The 'min_ess' line is set to gray by default and 'mean' and 'sd' to the first color in the color cycle by default. If the 'model' dim is present, then all three elements get the same color for a model.

OriolAbril commented 4 weeks ago

I think annotating the lines is he only way to clearly indicate which is which. If you set extra_methods=True in current arviz, you'll see the output looks like this:

imatge

I would add these two annotations as visual elements here too

imperorrp commented 4 weeks ago

I think annotating the lines is he only way to clearly indicate which is which.
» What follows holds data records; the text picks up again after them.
Lemma run_inf_le (r t u : R) : 0 <= r -> t <= T -> r <= u <= t -> run_inf phi r t <= phi u.
Proof.
  intros Hr Ht Hu. apply Rinf_lower with (c := - B).
  - intros y [v [Hv ->]].
    assert (Hbv : Rabs (phi v) <= B) by (apply phi_bounded; lra).
    apply Rabs_le_inv in Hbv. lra.
  - exists u. split; [lra | reflexivity].
Qed.

Lemma run_inf_ge (r t c : R) : r <= t ->
  (forall u, r <= u <= t -> c <= phi u) -> c <= run_inf phi r t.
Proof.
  intros Hrt Hc. apply Rinf_greatest.
  - exists (phi r), r. split; [lra | reflexivity].
  - intros y [u [Hu ->]]. apply Hc; lra.
Qed.

Lemma run_inf_point (s : R) : 0 <= s <= T -> run_inf phi s s = phi s.
Proof.
  intros Hs. apply Rle_antisym.
  - apply run_inf_le; lra.
  - apply run_inf_ge; [lra |]. intros u Hu. replace u with s by lra. lra.
Qed.

(* Each reflection term is at most phi t <= B, so the regulator is finite. *)
Lemma reflection_term_bounded (t r : R) :
  0 <= r <= t -> t <= T -> reflection_term a phi t r <= B.
Proof.
  intros Hr Ht. unfold reflection_term.
  assert (Hm : run_inf phi r t <= phi t) by (apply run_inf_le; lra).
  assert (Hbt : Rabs (phi t) <= B) by (apply phi_bounded; lra).
  apply Rabs_le_inv in Hbt.
  pose proof (Rmin_r (Rpos (phi r - a)) (run_inf phi r t)). lra.
Qed.

Lemma regulator_ge (t r : R) :
  t <= T -> 0 <= r <= t -> reflection_term a phi t r <= regulator a phi t.
Proof.
  intros Ht Hr. apply Rsup_upper with (B := B).
  - intros y [r' [Hr' ->]]. apply reflection_term_bounded; lra.
  - exists r. split; [lra | reflexivity].
Qed.

Lemma regulator_le (t b : R) : 0 <= t ->
  (forall r, 0 <= r <= t -> reflection_term a phi t r <= b) -> regulator a phi t <= b.
Proof.
  intros Ht Hb. apply Rsup_least.
  - exists (reflection_term a phi t 0), 0. split; [lra | reflexivity].
  - intros y [r [Hr ->]]. apply Hb; lra.
Qed.

(* If phi does not drop more than M below phi s on [s,t], then neither does
   the regulator: each running infimum over [r,t] loses at most M. *)
Lemma regulator_forward (s t M : R) : 0 <= s <= t -> t <= T ->
  (forall u, s <= u <= t -> phi s - M <= phi u) ->
  regulator a phi s <= regulator a phi t + M.
Proof.
  intros Hst Ht Hdrop.
  assert (HM : 0 <= M) by (specialize (Hdrop s ltac:(lra)); lra).
  apply regulator_le; [lra |]. intros r Hr.
  assert (Hm_s : run_inf phi r s <= phi s) by (apply run_inf_le; lra).
  assert (Hm_t : run_inf phi r s - M <= run_inf phi r t).
  { apply run_inf_ge; [lra |]. intros u Hu. destruct (Rle_dec u s).
    - assert (run_inf phi r s <= phi u) by (apply run_inf_le; lra). lra.
    - assert (phi s - M <= phi u) by (apply Hdrop; lra). lra. }
  assert (Hterm : reflection_term a phi t r <= regulator a phi t)
    by (apply regulator_ge; lra).
  unfold reflection_term in *. revert Hm_t Hterm.
  unfold Rmin. repeat destruct Rle_dec; intros; lra.
Qed.

(* If phi does not rise more than M above phi s on [s,t], then neither does
   the regulator: terms with r <= s only decrease, and terms with r > s are
   bounded by the term at r = s plus M. *)
Lemma regulator_backward (s t M : R) : 0 <= s <= t -> t <= T ->
  (forall u, s <= u <= t -> phi u <= phi s + M) ->
  regulator a phi t <= regulator a phi s + M.
Proof.
  intros Hst Ht Hrise.
  assert (HM : 0 <= M) by (specialize (Hrise s ltac:(lra)); lra).
  apply regulator_le; [lra |]. intros r Hr. destruct (Rle_dec r s).
  - assert (Hm : run_inf phi r t <= run_inf phi r s).
    { apply run_inf_ge; [lra |]. intros u Hu. apply run_inf_le; lra. }
    assert (Hterm : reflection_term a phi s r <= regulator a phi s)
      by (apply regulator_ge; lra).
    unfold reflection_term in *. revert Hm Hterm.
    unfold Rmin. repeat destruct Rle_dec; intros; lra.
  - assert (Hterm : reflection_term a phi s s <= regulator a phi s)
      by (apply regulator_ge; lra).
    assert (Hm : run_inf phi r t <= phi r) by (apply run_inf_le; lra).
    assert (Hr_s : phi r <= phi s + M) by (apply Hrise; lra).
    unfold reflection_term in *. rewrite run_inf_point in Hterm by lra.
    revert Hterm Hm Hr_s.
    unfold Rmin, Rpos, Rmax. repeat destruct Rle_dec; intros; lra.
Qed.
Definition is_qpath (Q : quiver) (w : seq (qA Q)) : bool :=
  (w != [::]) && sorted (fun a b => qs a == qt b) w.

Definition qadj (Q : quiver) : rel (qV Q) := fun u v =>
  [exists a, ((qs a == u) && (qt a == v)) || ((qs a == v) && (qt a == u))].

Definition qconnected (Q : quiver) : Prop :=
  forall x y : qV Q, connect (@qadj Q) x y.

Definition gentle (Q : quiver) : Prop :=
  qconnected Q /\
  [/\
      (forall a b : qA Q, qR a b -> qs a = qt b),
      (forall x : qV Q, #|[set a | qs a == x]| <= 2 /\ #|[set a | qt a == x]| <= 2),
      (forall a : qA Q, #|[set b | (qs b == qt a) && ~~ qR b a]| <= 1 /\
                        #|[set c | (qt c == qs a) && ~~ qR a c]| <= 1),
      (forall a : qA Q, #|[set b | qR b a]| <= 1 /\ #|[set c | qR a c]| <= 1) &
      exists n, 0 < n /\ forall w : seq (qA Q), is_qpath w -> size w = n ->
        exists w1 a b w2, w = w1 ++ a :: b :: w2 /\ qR a b].

(* sign functions sigma, tau : arrows -> {+1,-1}, with +1 = true, -1 = false *)
Definition valid_signs (Q : quiver) (sg ta : qA Q -> bool) : Prop :=
  [/\ (forall a b, a != b -> qs a = qs b -> sg a != sg b),
      (forall a b, a != b -> qt a = qt b -> ta a != ta b) &
      (forall a b, qs a = qt b -> (qR a b <-> sg a = ta b))].

(* Candidate (anti)paths: inl (x, e) is the trivial path at x with sign e
   (1_{x,e} for permitted paths, 1'_{x,e} for antipaths);
   inr (a, w) is the nontrivial sequence a :: w = (a1,...,an). *)
Notation qpath Q := ((qV Q * bool) + (qA Q * seq (qA Q)))%type.

Section PathData.
Variable Q : quiver.
Variables sg ta : qA Q -> bool.

Definition parrows (p : qpath Q) : seq (qA Q) :=
  match p with inl _ => [::] | inr (a, w) => a :: w end.
Definition psrc (p : qpath Q) : qV Q :=
  match p with inl (x, _) => x | inr (a, w) => qs (last a w) end.
Definition ptgt (p : qpath Q) : qV Q :=
  match p with inl (x, _) => x | inr (a, _) => qt a end.
Definition plen (p : qpath Q) : nat :=
  match p with inl _ => 0 | inr (_, w) => (size w).+1 end.
Definition psig (p : qpath Q) : bool :=
  match p with inl (_, e) => e | inr (a, w) => sg (last a w) end.
Definition ptauM (p : qpath Q) : bool :=
  match p with inl (_, e) => ~~ e | inr (a, _) => ta a end.
Definition ptauN (p : qpath Q) : bool :=
  match p with inl (_, e) => e | inr (a, _) => ta a end.

Definition isPermitted (p : qpath Q) : bool :=
  match p with
  | inl _ => true
  | inr (a, w) => path (fun x y => (qs x == qt y) && ~~ qR x y) a w
  end.
Definition isAnti (p : qpath Q) : bool :=
  match p with
  | inl _ => true
  | inr (a, w) => path (fun x y => (qs x == qt y) && qR x y) a w
  end.

Definition isM (p : qpath Q) : bool :=
  [&& isPermitted p,
      ~~ [exists a, (qs a == ptgt p) && (sg a == ~~ ptauM p)] &
      ~~ [exists b, (qt b == psrc p) && (ta b == ~~ psig p)]].
Definition isN (p : qpath Q) : bool :=
  [&& isAnti p,
      ~~ [exists a, (qs a == ptgt p) && (sg a == ptauN p)] &
      ~~ [exists b, (qt b == psrc p) && (ta b == psig p)]].

(* graphs of phi : M -> N, psi : N -> M and Phi = phi o psi : N -> N *)
Definition phiR (p p' : qpath Q) : Prop :=
  isM p /\ isN p' /\ ptgt p' = ptgt p /\ ptauN p' = ~~ ptauM p.
Definition psiR (p p' : qpath Q) : Prop :=
  isN p /\ isM p' /\ psrc p' = psrc p /\ psig p' = ~~ psig p.
Definition PhiR (p p'' : qpath Q) : Prop :=
  exists p', psiR p p' /\ phiR p' p''.

Definition PhiOrb (p : qpath Q) : qpath Q -> Prop := clos_refl_trans _ PhiR p.

Definition inC (a : qA Q) : Prop := ~ exists p, isN p /\ a \in parrows p.
Definition PsiR (a b : qA Q) : Prop :=
  inC a /\ inC b /\ qt b = qs a /\ ta b = sg a.
Definition PsiOrb (a : qA Q) : qA Q -> Prop := clos_refl_trans _ PsiR a.

End PathData.

Definition fin_enum (T : eqType) (P : T -> Prop) (s : seq T) : Prop :=
  uniq s /\ forall x, P x <-> x \in s.

(* representatives (minimal code in the orbit) of Phi-orbits with p = x, q = y *)
Definition PhiRep (Q : quiver) (sg ta : qA Q -> bool) (x y : nat) (p : qpath Q) : Prop :=
  isN sg ta p /\
  (forall p', PhiOrb sg ta p p' -> pickle p <= pickle p') /\
  exists s, fin_enum (PhiOrb sg ta p) s /\ size s = x /\ sumn (map (@plen Q) s) = y.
If you set extra_methods=True in current arviz, you'll see the output looks like this:

imatge

I would add these two annotations as visual elements here too

Todo: Add a new visual element for these annotations

imperorrp commented 3 weeks ago

Rebased essplot commits

imperorrp commented 3 weeks ago

Added new annotate_xy visual element with in-built logic to determine whether to vertically align the intended annotating text top or bottom based on an extra_da arg passed to it. This helps when two lines like mean and sd both are being plotted. Defaults for them both are also set- 'bottom' for mean and 'top' for sd.

New plot_kwargs keys mean_text and sd_text are also added and their default aesthetics from the aes_maps for mean and sd are also used for these if not set.

Outputs:

image

image

imperorrp commented 1 week ago
imperorrp commented 1 week ago

Fixed hypothesis test errors for ESS plot

imperorrp commented 1 day ago

Rebased the PR

imperorrp commented 21 hours ago

Made those modifications. Also, pylint was indicating an error regarding the number of tests under the TestPlots class in testplots.py so I raised the limit from 20 to 25.

The output is like this right now though: image

^All 10 subplots in one row despite the print statements indicating the figsizing logic computes 2 rows and sticks to the 5 max subplots per row constraint. This has to be looked into if I'm missing something.